MANHATTAN (CN) — As America gradually reopens, Wall Street is hopeful retailers can successfully navigate snags in supply chains and other problems.
The Dow Jones Industrial Average, which gained 250 points at the morning bell, shed some of those gains to gain 133 points for the day, a 0.5% increase.
Unlike most days recently, Tuesday brought no blockbuster news, good or bad, with investors instead focused on plans to slowly reopen various portions of the U.S. economy.
About 39 states have already begun to ease lockdowns, and retail stores are champing at the bit to open their doors. Starbucks said it plans to soon reopen 85% of its coffee shops nationwide by the end of the week.

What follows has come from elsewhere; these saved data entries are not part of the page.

(* Poincare inequality on a connected graph: compare with the value at a fixed
   vertex v0 and join v0 to each vertex by a duplicate-free path. *)
Lemma poincare (a : T -> R) : (forall x y, connect e x y) -> (0 < #|T|)%N ->
  sqdist_to (avg a) a <= poincare_const * dirichlet e a.
Proof.
move=> conn T0; have /card_gt0P[v0 _] := T0.
apply: le_trans (sqdist_avg_min a (a v0) T0) _.
have -> : poincare_const * dirichlet e a = \sum_(u : T) 4%:R ^+ #|T| * dirichlet e a.
  by rewrite sumr_const /poincare_const -mulrA mulr_natl; congr (_ *+ _); apply: eq_card.
apply: ler_sum => u _.
case/connectP: (conn v0 u) => q hq ->.
have [q' hq' uq _] := shortenP hq.
rewrite -sqrrN opprB; apply: le_trans (path_le_dirichlet a hq') _.
rewrite ler_wpM2r ?dirichlet_ge0 // ler_weXn2l ?ler1n //.
move/card_uniqP: uq => uq.
by have := max_card (mem (v0 :: q')); rewrite uq /= => /ltnW.
Qed.

End Poincare.

Section Contraction.
Variables (R : archiRealFieldType) (T : finType) (e : rel T) (p : R).
Hypotheses (hp0 : 0 <= p) (hp1 : p <= 1).
Hypothesis e_conn : forall x y : T, connect e x y.
Hypothesis deg_gt0 : forall s, (0 < #|nbrs e s|)%N.
Hypothesis T_nonempty : (0 < #|T|)%N.

Definition sgg_rate : R := gain_const R T / poincare_const R T.

Lemma sgg_rate_gt0 : 0 < sgg_rate.
Proof.
by rewrite /sgg_rate /gain_const /poincare_const
  !(mulr_gt0, divr_gt0, invr_gt0, exprn_gt0, ltr0n).
Qed.

Lemma sgg_rate_le1 : sgg_rate <= 1.
Proof.
have unit_inv (x : R) : 1 <= x -> 0 <= x^-1 <= 1.
  move=> x1; have x0 : 0 < x := lt_le_trans ltr01 x1.
  by rewrite invr_ge0 ltW //= invf_le1.
have two1 : (1 : R) <= 2%:R by rewrite ler1n.
have /andP[n0 n1] : 0 <= (#|T|%:R : R)^-1 <= 1 by rewrite unit_inv ?ler1n.
have /andP[t0 t1] := unit_inv _ two1.
have /andP[tN0 tN1] := unit_inv _ (exprn_ege1 #|T| two1).
have P_ge1 : 1 <= poincare_const R T.
  by apply: mulr_ege1; rewrite ?exprn_ege1 ?ler1n.
have /andP[Pi0 Pi1] := unit_inv _ P_ge1.
rewrite /sgg_rate /gain_const.
by repeat first [apply: mulr_ile1 | apply: mulr_ge0 | assumption].
Qed.

(* Combining the expected decrease with the Poincare inequality: around the
   (invariant) average, one SGG step contracts the expected energy. *)
Lemma sgg_step_contract (choose : (T -> R) -> T -> {set T} -> T) (c : R) a :
  greedy_choice e choose -> avg a = c ->
  sgg_step e p choose (sqdist_to c) a <= (1 - sgg_rate) * sqdist_to c a.
Proof.
move=> hchoose avg_a.
apply: le_trans (sgg_step_decrease hp0 hp1 hchoose deg_gt0 T_nonempty c a) _.
have P0 : 0 < poincare_const R T by rewrite mulr_gt0 ?exprn_gt0 ?ltr0n.
have G0 : 0 <= gain_const R T.
  by rewrite /gain_const !(mulr_ge0, invr_ge0, exprn_ge0, ler0n).
have V_le : sqdist_to c a / poincare_const R T <= dirichlet e a.
  by rewrite ler_pdivrMr // mulrC -avg_a; exact: poincare.
rewrite mulrBl mul1r lerD2l lerN2 /sgg_rate mulrAC -mulrA.
by rewrite ler_wpM2l.
Qed.

Variable tb : nat -> (T -> R) -> T -> {set T} -> T.
Hypothesis htb : forall l, greedy_choice e (tb l).

Lemma sgg_exp_bound (c : R) (l k : nat) a : avg a = c ->
  0 <= sgg_exp e p tb k l (sqdist_to c) a <= (1 - sgg_rate) ^+ l * sqdist_to c a.
Proof.
have rho0 : 0 <= 1 - sgg_rate by rewrite subr_ge0 sgg_rate_le1.
elim: l k a => [|l IH] k a avg_a /=.
  by rewrite expr0 mul1r lexx andbT sqdist_to_ge0.
have IHu s t := IH k.+1 (avg_update a s t) (etrans (avg_avg_update a s t) avg_a).
apply/andP; split.
  by apply: sgg_step_ge0 => // s t; case/andP: (IHu s t).
apply: le_trans (_ : _ <= sgg_step e p (tb k.+1)
  (fun x => (1 - sgg_rate) ^+ l * sqdist_to c x) a) _.
  by apply: sgg_step_mono => // s t; case/andP: (IHu s t).
rewrite sgg_stepZ exprSr -mulrA ler_wpM2l ?exprn_ge0 //.
exact: sgg_step_contract.
Qed.

End Contraction.

(* Bernoulli's inequality (1 - g)^l (1 + l g) <= 1 makes a geometric sequence
   with ratio 1 - g in [0, 1) eventually smaller than any eps > 0. *)
Lemma geometric_vanish (R : archiRealFieldType) (g V eps : R) :
  0 < g -> g <= 1 -> 0 <= V -> 0 < eps ->
  exists L : nat, forall l : nat, (L <= l)%N -> (1 - g) ^+ l * V < eps.
Proof.
move=> g0 g1 V0 eps0.
have bernoulli l : (1 - g) ^+ l * (1 + l%:R * g) <= 1.
  elim: l => [|l IH]; first by rewrite expr0 mul1r mul0r addr0.
  rewrite exprSr -mulrA; apply: le_trans IH; rewrite ler_wpM2l ?exprn_ge0 ?subr_ge0 //.
  have l0 : (0 : R) <= l%:R by rewrite ler0n.
  rewrite -natr1; nra.
have B0 : 0 <= V / (g * eps) by rewrite divr_ge0 // ltW // mulr_gt0.
exists (Num.bound (V / (g * eps))) => l Ll.
have lB : V / (g * eps) < l%:R.
  by apply: lt_le_trans (archi_boundP B0) _; rewrite ler_nat.
have V_lt : V < l%:R * g * eps by rewrite -mulrA -ltr_pdivrMr // mulr_gt0.
set r := (1 - g) ^+ l; set y := l%:R * g in V_lt *.
have y0 : 0 <= y by rewrite mulr_ge0 ?ler0n // ltW.
have shrink : r * V * (1 + y) <= V.
  by rewrite mulrAC -[leRHS]mul1r ler_wpM2r //; exact: bernoulli.
have grow : V < eps * (1 + y) by rewrite mulrDr mulr1 mulrC; lra.
by rewrite -(ltr_pM2r (_ : 0 < 1 + y)) ?(le_lt_trans shrink grow) //; lra.
Qed.

(* On a connected graph with at least two vertices every vertex has a
   neighbour: follow a path to any other vertex. *)
Lemma nbrs_nonempty (T : finType) (e : rel T) :
  (forall x y, connect e x y) -> (1 < #|T|)%N -> forall s, (0 < #|nbrs e s|)%N.
Proof.
move=> e_conn hN s.
have /card_gt0P[y] : (0 < #|[set~ s]|)%N by rewrite cardsC1 -subn1 subn_gt0.
rewrite !inE => ys.
case/connectP: (e_conn s y) => [[|z q]] /= => [_ ys_eq|/andP[esz _] _].
  by rewrite ys_eq eqxx in ys.
by apply/card_gt0P; exists z; rewrite inE.
Qed.

Theorem theorem1 (R : archiRealFieldType) (T : finType) (e : rel T)
  (e_sym : symmetric e) (e_irr : irreflexive e)
  (e_conn : forall x y : T, connect e x y)
  (hN : (1 < #|T|)%N)
  (a0 : T -> R) (p : R) (hp0 : 0 <= p) (hp1 : p <= 1)
  (tb : nat -> (T -> R) -> T -> {set T} -> T)
  (htb : forall l, greedy_choice e (tb l)) :
  forall eps : R, 0 < eps -> exists L : nat, forall l : nat, (L <= l)%N ->
    `| sgg_exp e p tb 0 l (sqdist_to (avg a0)) a0 | < eps.
Proof.
move=> eps eps0.
have T0 : (0 < #|T|)%N := ltnW hN.
have deg := nbrs_nonempty e_conn hN.
have [L small] := geometric_vanish (sgg_rate_gt0 R T0) (sgg_rate_le1 R T0)
  (sqdist_to_ge0 (avg a0) a0) eps0.
exists L => l Ll.
case/andP: (sgg_exp_bound hp0 hp1 e_conn deg T0 htb l 0 (erefl (avg a0))) => exp_ge0 exp_le.
by rewrite ger0_norm //; apply: le_lt_trans exp_le (small l Ll).
Qed.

Consumer spending is also pointing up, according to a report by The NPD Group. The report found sales during the week ending April 25 did not decline year over year, the first time since early March no such decline was seen.

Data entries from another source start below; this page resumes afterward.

Lemma sumRD B f g : sumR B (fun j => f j + g j) = sumR B f + sumR B g.
Proof. by elim: B => [|B IH] /=; lra. Qed.

Lemma sumR_ge B f y : (forall j, (j < B)%N -> y <= f j) -> INR B * y <= sumR B f.
Proof.
elim: B => [|B IH] f_ge; first by rewrite /=; lra.
rewrite S_INR /=; have := f_ge B (ltnSn B); have := IH (fun j jB => f_ge j (ltnW jB)); lra.
Qed.

Lemma sumR_indicator (s : seq nat) p B :
  sumR B (fun j => if j \in s then p else 0) = p * INR (count (mem s) (iota 0 B)).
Proof.
elim: B => [|B IH]; first by rewrite /=; lra.
rewrite -[B.+1]addn1 iotaD count_cat plus_INR addn1 /= IH.
by case: (B \in s); rewrite /= ?plus_INR /=; lra.
Qed.

Lemma count_mem_iota_le (s : seq nat) B : (count (mem s) (iota 0 B) <= size s)%N.
Proof.
rewrite -size_filter; apply: uniq_leq_size; first exact/filter_uniq/iota_uniq.
by move=> x; rewrite mem_filter => /andP [].
Qed.

Lemma exists_notin_iota (s : seq nat) B : (size s < B)%N -> exists2 j, (j < B)%N & j \notin s.
Proof.
move=> sB; have : has (predC (mem s)) (iota 0 B).
  rewrite has_count; have := count_predC (mem s) (iota 0 B).
  by have := count_mem_iota_le s B; rewrite size_iota; lia.
by case/hasP => j; rewrite mem_iota add0n => /andP [_ jB] /= js; exists j.
Qed.

Definition block_weight n (P : qtree n -> seq nat) (T : ralg n) (j : nat) : R :=
  List.fold_right (fun (p : R * qtree n) acc => Rplus (if j \in P p.2 then p.1 else 0) acc) 0 T.

Lemma sum_block_weight_le n (P : qtree n -> seq nat) (T : ralg n) B L :
  (forall p, List.In p T -> 0 <= p.1) -> (forall t, (size (P t) <= L)%N) ->
  sumR B (block_weight P T) <=
    INR L * List.fold_right (fun (p : R * qtree n) acc => Rplus p.1 acc) 0 T.
Proof.
move=> T_pos P_small; elim: T T_pos => [|p T IH] T_pos.
  by rewrite Rmult_0_r; elim: B => [|B IHB] /=; [apply: Rle_refl | rewrite Rplus_0_r].
have -> : sumR B (block_weight P (p :: T)) =
    sumR B (fun j => if j \in P p.2 then p.1 else 0) + sumR B (block_weight P T).
  by rewrite -sumRD.
rewrite sumR_indicator /=.
have p_pos := T_pos p (or_introl erefl).
have /le_INR count_le : (count (mem (P p.2)) (iota 0 B) <= L)%coq_nat.
  by apply/leP; apply: leq_trans (count_mem_iota_le _ _) (P_small _).
rewrite Rmult_plus_distr_l (Rmult_comm (INR L)); apply: Rplus_le_compat.
  exact: Rmult_le_compat_l p_pos count_le.
exact: IH (fun p' p'T => T_pos p' (or_intror p'T)).
Qed.

Lemma light_block_exists n (P : qtree n -> seq nat) (T : ralg n) B L :
  is_distribution T -> (forall t, (size (P t) <= L)%N) -> (3 * L < B)%N ->
  exists2 j, (j < B)%N & block_weight P T j < 1 / 3.
Proof.
move=> [T_pos T_sum] P_small LB; apply: NNPP => no_light.
have heavy j : (j < B)%N -> 1 / 3 <= block_weight P T j.
  by move=> jB; apply: Rnot_lt_le => light; apply: no_light; exists j.
have := sumR_ge heavy; have := sum_block_weight_le B T_pos P_small.
have /le_INR : ((3 * L).+1 <= B)%coq_nat by apply/leP.
by rewrite T_sum S_INR mult_INR /=; lra.
Qed.

Lemma accept_prob_sub_le n (P : qtree n -> seq nat) (T : ralg n) (G1 G2 : input n) j :
  (forall p, List.In p T -> 0 <= p.1) ->
  (forall p, List.In p T -> 0 < p.1 -> j \notin P p.2 -> run p.2 G1 = run p.2 G2) ->
  accept_prob T G1 - accept_prob T G2 <= block_weight P T j.
Proof.
elim: T => [|p T IH] T_pos same_run /=; first by rewrite /block_weight /=; lra.
have := IH (fun p' p'T => T_pos p' (or_intror p'T)) (fun p' p'T => same_run p' (or_intror p'T)).
rewrite /block_weight /=; have p_pos := T_pos p (or_introl erefl).
case: (boolP (j \in P p.2)) => jP; first by case: (run p.2 G1); case: (run p.2 G2); lra.
have [p_gt0 | <-] := Rle_lt_or_eq_dec 0 p.1 p_pos.
  by rewrite (same_run p (or_introl erefl) p_gt0 jP); case: (run p.2 G2); lra.
by case: (run p.2 G1); case: (run p.2 G2); lra.
Qed.

Lemma map_f_In (A : Type) (B : eqType) (f : A -> B) (s : seq A) x :
  List.In x s -> f x \in map f s.
Proof.
elim: s => //= y s IH [-> | /IH fx_s]; first by rewrite mem_head.
by rewrite inE fx_s orbT.
Qed.

Definition trace_blocks n M L (t : qtree n) : seq nat :=
  map (query_block M) (query_trace t (graph_input set0) L).

Lemma run_off_block n M j L (E : {set {set 'I_n}}) (t : qtree n) :
  block_supported M j E -> j \notin trace_blocks M L t ->
  (minn L (nqueries t (graph_input set0)) <= nqueries t (graph_input E))%N /\
  ((nqueries t (graph_input set0) < L)%N -> run t (graph_input E) = run t (graph_input set0)).
Proof.
move=> E_block j_off; apply: run_agree => q q_trace; apply: answer_off_block E_block _.
by apply: contra j_off => /eqP <-; apply: map_f_In.
Qed.

Lemma tester_block_lower_bound n r k (EF : {set {set 'I_k}})
    (K : {set {set 'I_n}} -> Prop) eps (T : ralg n) M B L :
  is_Ffree_tester r EF K eps T -> (3 * L < B)%N ->
  (forall j, (j < B)%N -> exists E : {set {set 'I_n}},
     [/\ is_rgraph r E, K E, Ffree E EF & block_supported M j E]) ->
  (forall j, (j < B)%N -> exists E : {set {set 'I_n}},
     [/\ is_rgraph r E, K E, far_from_Ffree r EF eps E & block_supported M j E]) ->
  performs_at_least r K T (INR L).
Proof.
move=> [T_distr T_tests] LB Ffree_blocks far_blocks; apply: NNPP => few_queries.
have short p E : List.In p T -> 0 < p.1 -> is_rgraph r E -> K E ->
    (nqueries p.2 (graph_input E) < L)%N.
  move=> pT p_pos E_r KE; rewrite ltnNge; apply/negP => many; apply: few_queries.
  exists p; split=> //; split=> //; exists (graph_input E).
  by split; [exact: graph_input_valid | split=> //; apply/le_INR/leP].
have blocks_small (t : qtree n) : (size (trace_blocks M L t) <= L)%N.
  by rewrite size_map size_query_trace.
have short0 p : List.In p T -> 0 < p.1 -> (nqueries p.2 (graph_input set0) < L)%N.
  move=> pT p_pos; have [|j jB j_off] := @exists_notin_iota (trace_blocks M L p.2) B.
    by have := blocks_small p.2; lia.
  have [E [E_r KE _ E_block]] := Ffree_blocks j jB.
  have [lower _] := run_off_block E_block j_off.
  by move: lower (short p E pT p_pos E_r KE); rewrite geq_min; case/orP=> [|?]; lia.
have [j jB light] := light_block_exists T_distr blocks_small LB.
have [E1 [E1_r KE1 E1_free E1_block]] := Ffree_blocks j jB.
have [E2 [E2_r KE2 E2_far E2_block]] := far_blocks j jB.
have close : accept_prob T (graph_input E1) - accept_prob T (graph_input E2)
    <= block_weight (trace_blocks M L) T j.
  apply: accept_prob_sub_le => [|p pT p_pos j_off]; first by case: T_distr.
  have p_short := short0 p pT p_pos.
  by rewrite ((run_off_block E1_block j_off).2 p_short) (run_off_block E2_block j_off).2.
have [accept1 _] := T_tests _ (graph_input_valid E1_r) KE1.
have [_ reject2] := T_tests _ (graph_input_valid E2_r) KE2.
by have := accept1 E1_free; have := reject2 E2_far; lra.
Qed.

Lemma Ffree_tester_queries_ge n r k (EF : {set {set 'I_k}})
    (K : {set {set 'I_n}} -> Prop) (T : ralg n) M en L :
  is_rgraph r EF -> (0 < r)%N -> (r <= k)%N -> (maxn k (2 * r) <= M)%N ->
  ('C(maxn k (2 * r), r) <= en <= ex r EF M)%N -> (3 * L < n %/ M)%N ->
  (forall E : {set {set 'I_n}}, #|E| = en -> K E) ->
  is_Ffree_tester r EF K (1 / (2 * INR 'C(k, r))) T ->
  performs_at_least r K T (INR L).
Proof.
move=> EF_r r_pos rk s0M /andP [s0_en en_ex] LB K_en T_tester.
have kM : (k <= M)%N := leq_trans (leq_maxl _ _) s0M.
have en_pos : (0 < en)%N.
  apply: leq_trans s0_en; rewrite bin_gt0; apply: leq_trans (leq_maxr _ _).
  by rewrite leq_pmull.
have jM j : (j < n %/ M)%N -> (j.+1 * M <= n)%N.
  by move=> jB; apply: leq_trans (leq_divM n M); rewrite leq_mul2r jB orbT.
have en_ex' : (0 < en <= ex r EF M)%N by rewrite en_pos.
have en_bin : ('C(maxn k (2 * r), r) <= en <= 'C(M, r))%N.
  by rewrite s0_en (leq_trans en_ex (ex_leq_bin _ _ _)).
apply: (tester_block_lower_bound (M := M) T_tester LB) => j jB.
  have [E [E_r card_E E_free E_block]] := Ffree_block_graph r_pos (jM j jB) kM en_ex'.
  by exists E; split=> //; apply: K_en.
have [E [E_r card_E E_far E_block]] := far_block_graph EF_r r_pos rk (jM j jB) s0M en_bin.
by exists E; split=> //; apply: K_en.
Qed.

Lemma nat_floor x : 0 <= x -> exists m : nat, INR m <= x < INR m + 1.
Proof.
move=> x_ge0; have [up_gt up_le] := archimed x.
have up_pos : (0 < up x)%Z by apply: lt_IZR; lra.
exists (Z.to_nat (up x - 1)); rewrite INR_IZR_INZ Z2Nat.id; last lia.
by rewrite minus_IZR /=; lra.
Qed.

Lemma nat_ge x : exists N : nat, x <= INR N.
Proof.
have [x_ge0 | x_lt0] := Rle_lt_dec 0 x; last by exists 0%N; rewrite /=; lra.
by have [m [_ x_lt]] := nat_floor x_ge0; exists m.+1; rewrite S_INR; lra.
Qed.

Lemma inv_INR_vanishes K delta : 0 < delta ->
  exists N : nat, forall n : nat, (N <= n)%N -> Rabs (K / INR n) <= delta.
Proof.
move=> delta_pos; have [N N_ge] := nat_ge (Rabs K / delta + 1); exists N => n Nn.
have n_ge : Rabs K / delta + 1 <= INR n by apply: Rle_trans N_ge (le_INR _ _ (leP Nn)).
have K_delta : delta * (Rabs K / delta) = Rabs K by field; lra.
have q_ge0 : 0 <= Rabs K / delta.
  by apply: Rmult_le_pos (Rabs_pos K) _; left; apply: Rinv_0_lt_compat.
rewrite /Rdiv Rabs_mult Rabs_inv (Rabs_pos_eq (INR n) (pos_INR n)).
apply: (Rmult_le_reg_r (INR n)); first lra.
rewrite Rmult_assoc Rinv_l; last lra.
move: (Rabs K / delta) K_delta n_ge q_ge0 => q; nra.
Qed.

As lockdowns ease, oil prices have gone back up. Since last week, barrels of crude on the West Texas Intermediate have risen by double digits to reach about $25 a barrel Tuesday. While the prices are still fairly low, they are a far cry from the dismal prices for May’s contract traded last month.
“Oil prices moving up nicely as demand begins again!” tweeted President Trump, who has been keenly interested in oil prices and helped spur negotiations between Saudi Arabia and Russia in their price war.
But the move to reopen America may be too quick for some.
According to a poll of about 500 adults surveyed by the Washington Post and University of Maryland, more than half of Americans are comfortable going to a supermarket, but two-thirds are uncomfortable shopping at a clothing store and nearly four-fifths don’t like the idea of dining at a restaurant.
The poll found about 70% of respondents think gun stores, barber shops or nail salons should not be allowed to reopen.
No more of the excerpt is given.